Вы говорите: «В Бога я верю, но вера моя какая-то неровная. Иногда я молюсь с наслаждением, иногда — только по привычке отчитываю молитвы».

И прекрасно делаете, что по привычке их читаете. Это труд, это понуждение, это изволение первичное, этот навык более в нашей воле, чем то наслаждение, которым Вы довольны.

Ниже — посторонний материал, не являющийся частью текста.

Section BlockMatrices.
Variables (R : realType) (n k : nat).

Lemma sum_ordsum (F : 'I_n -> 'I_k -> R) :
  \sum_(p : 'I_(\sum_(i < n) k)) F (tagnat.sig1 p) (tagnat.sig2 p)
  = \sum_i \sum_a F i a.
Proof.
rewrite (reindex (@tagnat.rank n (fun _ => k))) /=; last exact: tagnat.rank_bij_on.
rewrite (sig_big_dep (fun _ => true) (fun _ _ => true) F) /=.
by apply: eq_bigr => t _; rewrite /tagnat.sig1 /tagnat.sig2 tagnat.rankK.
Qed.

Lemma frob_mxblock_sqr (B : 'I_n -> 'I_n -> 'M[R]_k) :
  frob (\mxblock_(i < n, j < n) B i j) ^+ 2 = \sum_i \sum_j frob (B i j) ^+ 2.
Proof.
rewrite [LHS]frob_sqr.
rewrite (eq_bigr (fun p => \sum_j \sum_b B (tagnat.sig1 p) j (tagnat.sig2 p) b ^+ 2)).
  rewrite (sum_ordsum (fun i a => \sum_j \sum_b B i j a b ^+ 2)).
  apply: eq_bigr => i _; rewrite exchange_big; apply: eq_bigr => j _.
  by rewrite frob_sqr.
move=> p _; rewrite -(sum_ordsum (fun j b => B _ j (tagnat.sig2 p) b ^+ 2)).
by apply: eq_bigr => q _; rewrite mxE.
Qed.

End BlockMatrices.

Section Laplacian.
Variables (R : realType) (n k : nat).
Implicit Types (W : 'M[R]_n) (G : 'I_n -> 'I_n -> 'M[R]_k).

Definition deg W i := \sum_(j < n | j != i) W i j.

Lemma deg_offdiag W i : deg (offdiag W) i = deg W i.
Proof. by apply: eq_bigr => j ji; rewrite mxE eq_sym (negbTE ji). Qed.

Lemma Dmx_unit W : (forall i, deg W i != 0) -> Dmx k W \in unitmx.
Proof.
move=> deg_neq0.
have -> : Dmx k W = diag_mx (\mxrow_i (const_mx (deg W i) : 'rV_k)).
  rewrite diag_mxrow; apply: eq_mxdiag => i.
  by rewrite diag_const_mx scalemx1.
rewrite unitmxE det_diag unitfE; apply/prodf_neq0 => s _.
by rewrite !mxE.
Qed.

Lemma Lmx_mxblock W G : (forall i, deg W i != 0) ->
  Lmx W G = \mxblock_(i, j) ((W i j / deg W i) *: G i j).
Proof.
move=> deg_neq0; rewrite /Lmx.
have -> : Smx W G = Dmx k W *m \mxblock_(i, j) ((W i j / deg W i) *: G i j).
  rewrite /Smx /Dmx mul_mxdiag_mxblock; apply: eq_mxblock => i j.
  by rewrite -scalemxAl mul1mx scalerA -/(deg W i) mulrC divfK.
by rewrite mulKmx // Dmx_unit.
Qed.

End Laplacian.

Lemma div_le_sqr_mul (R : realFieldType) (a b c e s lam : R) :
  0 < c -> 0 < e -> 0 <= a -> 0 <= lam ->
  b <= lam * s * a -> s * c <= lam * e -> b / e <= lam ^+ 2 * (a / c).
Proof.
move=> c_gt0 e_gt0 a_ge0 lam_ge0 b_le sc_le.
rewrite ler_pdivrMr // (_ : _ * e = lam ^+ 2 * a * e / c); last by ring.
rewrite ler_pdivlMr //.
have : (lam * a) * (s * c) <= (lam * a) * (lam * e) by rewrite ler_wpM2l ?mulr_ge0.
have : b * c <= lam * s * a * c by rewrite ler_wpM2r // ltW.
nra.
Qed.

Lemma dist_le_ratio (R : realFieldType) (u v L : R) :
  0 <= u -> 1 <= L -> v <= L * u -> u <= L * v -> `|u - v| <= (L - 1) * u.
Proof. by move=> *; rewrite ler_norml; apply/andP; split; nra. Qed.

Section Perturbation.
Variables (R : realType) (n k : nat) (W Wt : 'M[R]_n).
Variables (G Gt : 'I_n -> 'I_n -> 'M[R]_k) (gam C s lam eta : R).
Hypotheses (gam_gt0 : 0 < gam) (s_gt0 : 0 < s) (lam_ge1 : 1 <= lam).
Hypotheses (W_ge0 : forall i j, 0 <= W i j) (W_le1 : forall i j, W i j <= 1).
Hypothesis W_Wt_le : forall i j, i != j -> s * W i j <= lam * Wt i j.
Hypothesis Wt_W_le : forall i j, i != j -> Wt i j <= lam * s * W i j.
Hypothesis deg_gt : forall i, gam * n%:R < deg W i.
Hypotheses (G_le : forall i j, frob (G i j) <= C) (Gt_le : forall i j, frob (Gt i j) <= C).
Hypothesis GtG_le : forall i j, frob (Gt i j - G i j) <= eta.

Let lam_gt0 : 0 < lam. Proof. exact: lt_le_trans ltr01 lam_ge1. Qed.

Lemma deg_W_gt0 i : 0 < deg W i.
Proof.
by apply: le_lt_trans (deg_gt i); rewrite mulr_ge0 ?ler0n ?ltW.
Qed.

Lemma deg_W_le i : s * deg W i <= lam * deg Wt i.
Proof. by rewrite !mulr_sumr; apply: ler_sum => j ji; rewrite W_Wt_le // eq_sym. Qed.

Lemma deg_Wt_le i : deg Wt i <= lam * s * deg W i.
Proof. by rewrite mulr_sumr; apply: ler_sum => j ji; rewrite Wt_W_le // eq_sym. Qed.

Lemma deg_Wt_gt0 i : 0 < deg Wt i.
Proof.
have := deg_W_le i; have := deg_W_gt0 i => c_gt0 le_lamdeg.
have : 0 < lam * deg Wt i by apply: lt_le_trans le_lamdeg; rewrite mulr_gt0.
by rewrite pmulr_rgt0.
Qed.

Lemma normalized_weight_le i j : W i j / deg W i <= (gam * n%:R)^-1.
Proof.
have c_gt0 := deg_W_gt0 i.
have gn_gt0 : 0 < gam * n%:R by rewrite mulr_gt0 // ltr0n (leq_ltn_trans _ (ltn_ord i)).
apply: (@le_trans _ _ (deg W i)^-1).
  by rewrite -[leRHS]mul1r ler_wpM2r ?W_le1 // invr_ge0 ltW.
by rewrite lef_pV2 ?posrE // ltW.
Qed.

Lemma normalized_weight_dist i j : i != j ->
  `|W i j / deg W i - Wt i j / deg Wt i| <= (lam ^+ 2 - 1) * (W i j / deg W i).
Proof.
move=> ij; have [c_gt0 e_gt0] := (deg_W_gt0 i, deg_Wt_gt0 i).
apply: dist_le_ratio.
- by rewrite divr_ge0 // ltW.
- by rewrite expr_ge1 // ltW.
- apply: div_le_sqr_mul (Wt_W_le ij) (deg_W_le i) => //; exact: ltW.
(* the same bound with W and Wt exchanged, the common factor s becoming s^-1 *)
- apply: (@div_le_sqr_mul _ _ _ _ _ s^-1) => //; last 3 first.
  + exact: ltW.
  + by rewrite mulrAC ler_pdivlMr // mulrC W_Wt_le.
  + by rewrite mulrC ler_pdivrMr // mulrAC deg_Wt_le.
  rewrite -(pmulr_rge0 _ lam_gt0); apply: le_trans (W_Wt_le ij).
  by rewrite mulr_ge0 // ltW.
Qed.

Let block i j := (W i j / deg W i) *: G i j - (offdiag Wt i j / deg Wt i) *: Gt i j.

Lemma L_sub_L0_mxblock : Lmx W G - L0mx Wt Gt = \mxblock_(i, j) block i j.
Proof.
have deg_neq0 i : deg W i != 0 by rewrite gt_eqF ?deg_W_gt0.
have deg_Wt_neq0 i : deg (offdiag Wt) i != 0 by rewrite deg_offdiag gt_eqF ?deg_Wt_gt0.
rewrite /L0mx !Lmx_mxblock // -mxblockB; apply: eq_mxblock => i j.
by rewrite /block deg_offdiag.
Qed.

Lemma frob_block_diag_le i : frob (block i i) <= C / (gam * n%:R).
Proof.
have u_ge0 : 0 <= W i i / deg W i by rewrite divr_ge0 // ltW // deg_W_gt0.
rewrite /block mxE eqxx mul0r scale0r subr0 frobZ ger0_norm // [C / _]mulrC.
by apply: ler_pM => //; [exact: frob_ge0 | exact: normalized_weight_le].
Qed.

Lemma frob_block_offdiag_le i j : i != j ->
  frob (block i j) <= (eta + C * (lam ^+ 2 - 1)) / (gam * n%:R).
Proof.
move=> ij; set u := W i j / deg W i; set v := Wt i j / deg Wt i.
have u_ge0 : 0 <= u by rewrite divr_ge0 // ltW // deg_W_gt0.
have eta_ge0 : 0 <= eta := le_trans (frob_ge0 _) (GtG_le i j).
have C_ge0 : 0 <= C := le_trans (frob_ge0 _) (G_le i j).
have lam2_ge0 : 0 <= lam ^+ 2 - 1 by rewrite subr_ge0 expr_ge1 // ltW.
have -> : block i j = u *: (G i j - Gt i j) + (u - v) *: Gt i j.
  by rewrite /block mxE (negbTE ij) scalerBr scalerBl addrA subrK.
apply: le_trans (frobD_le _ _) _; rewrite !frobZ -opprB frobN ger0_norm //.
apply: (@le_trans _ _ (u * (eta + C * (lam ^+ 2 - 1)))).
  rewrite mulrDr lerD ?ler_wpM2l //.
  rewrite mulrCA mulrC; apply: ler_pM; rewrite ?normr_ge0 ?frob_ge0 //.
  by rewrite mulrC normalized_weight_dist.
by rewrite mulrC ler_wpM2l ?addr_ge0 ?mulr_ge0 ?normalized_weight_le.
Qed.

Это один из главных пунктов современных ошибок и недоумения. Мы все нынче ищем сразу сильного чувства, трепетного ощущения, искренности и т. д. (Фуделев (свящ. Иосиф Фудель) в своей брошюре с особенным удовольствием свидетельствует об этой искренности. Но дело не в самой искренности, а в ее направлении. (И Желябов [Андрей Иванович Желябов (1851–1881) — революционер, один из руководителей «Народной воли» и организаторов убийства Александра II.] был, вероятно, искренний в своей вере человек, коли на виселицу пошел. (Примеч. К. Н. Леонтьева)). Это большая ошибка. Не только ровную молитву приобрести невозможно, но и ровная вера едва ли кому-нибудь доступна, разве великим подвижникам. (И за то, что у них вера всегда ровна, я не ручаюсь; свидетельств святоотеческих на это не помню.)

Помните, Евангельское: «Верую, Господи, помоги моему неверию». Можно считать себя верующим, но нельзя никогда считать себя достаточно верующим. Святые отцы оставили нам примеры этому: многие из них, принимая охотно всякие обвинения в грехах страстей (например, ты блудник, ты гордый, ты сребролюбивый и т. д.), соглашались с обвинителем и говорили: Это правда. (И говорили это искренно, ибо тонким и долгим вниманием к своим психологическим процессам узнали на опыте, до чего и они, подвижники, внутренно «удобопреклонны», и до чего в них есть зародыши всех пороков, которые при невнимании могли бы разрастись сильно); но когда им говорили: «Ты еретик», эти Отцы церкви отвечали решительно: «Нет, я не еретик!» Они сознавали, что вера ума, так сказать (или, по-нынешнему, «убеждения»), у них была правильная, претендовали только на качественную правоту своей веры, а, конечно, не на количественную и постоянную высочайшую интенсивность ее. Первое есть только обязательность поведения, второе было бы духовной гордостью.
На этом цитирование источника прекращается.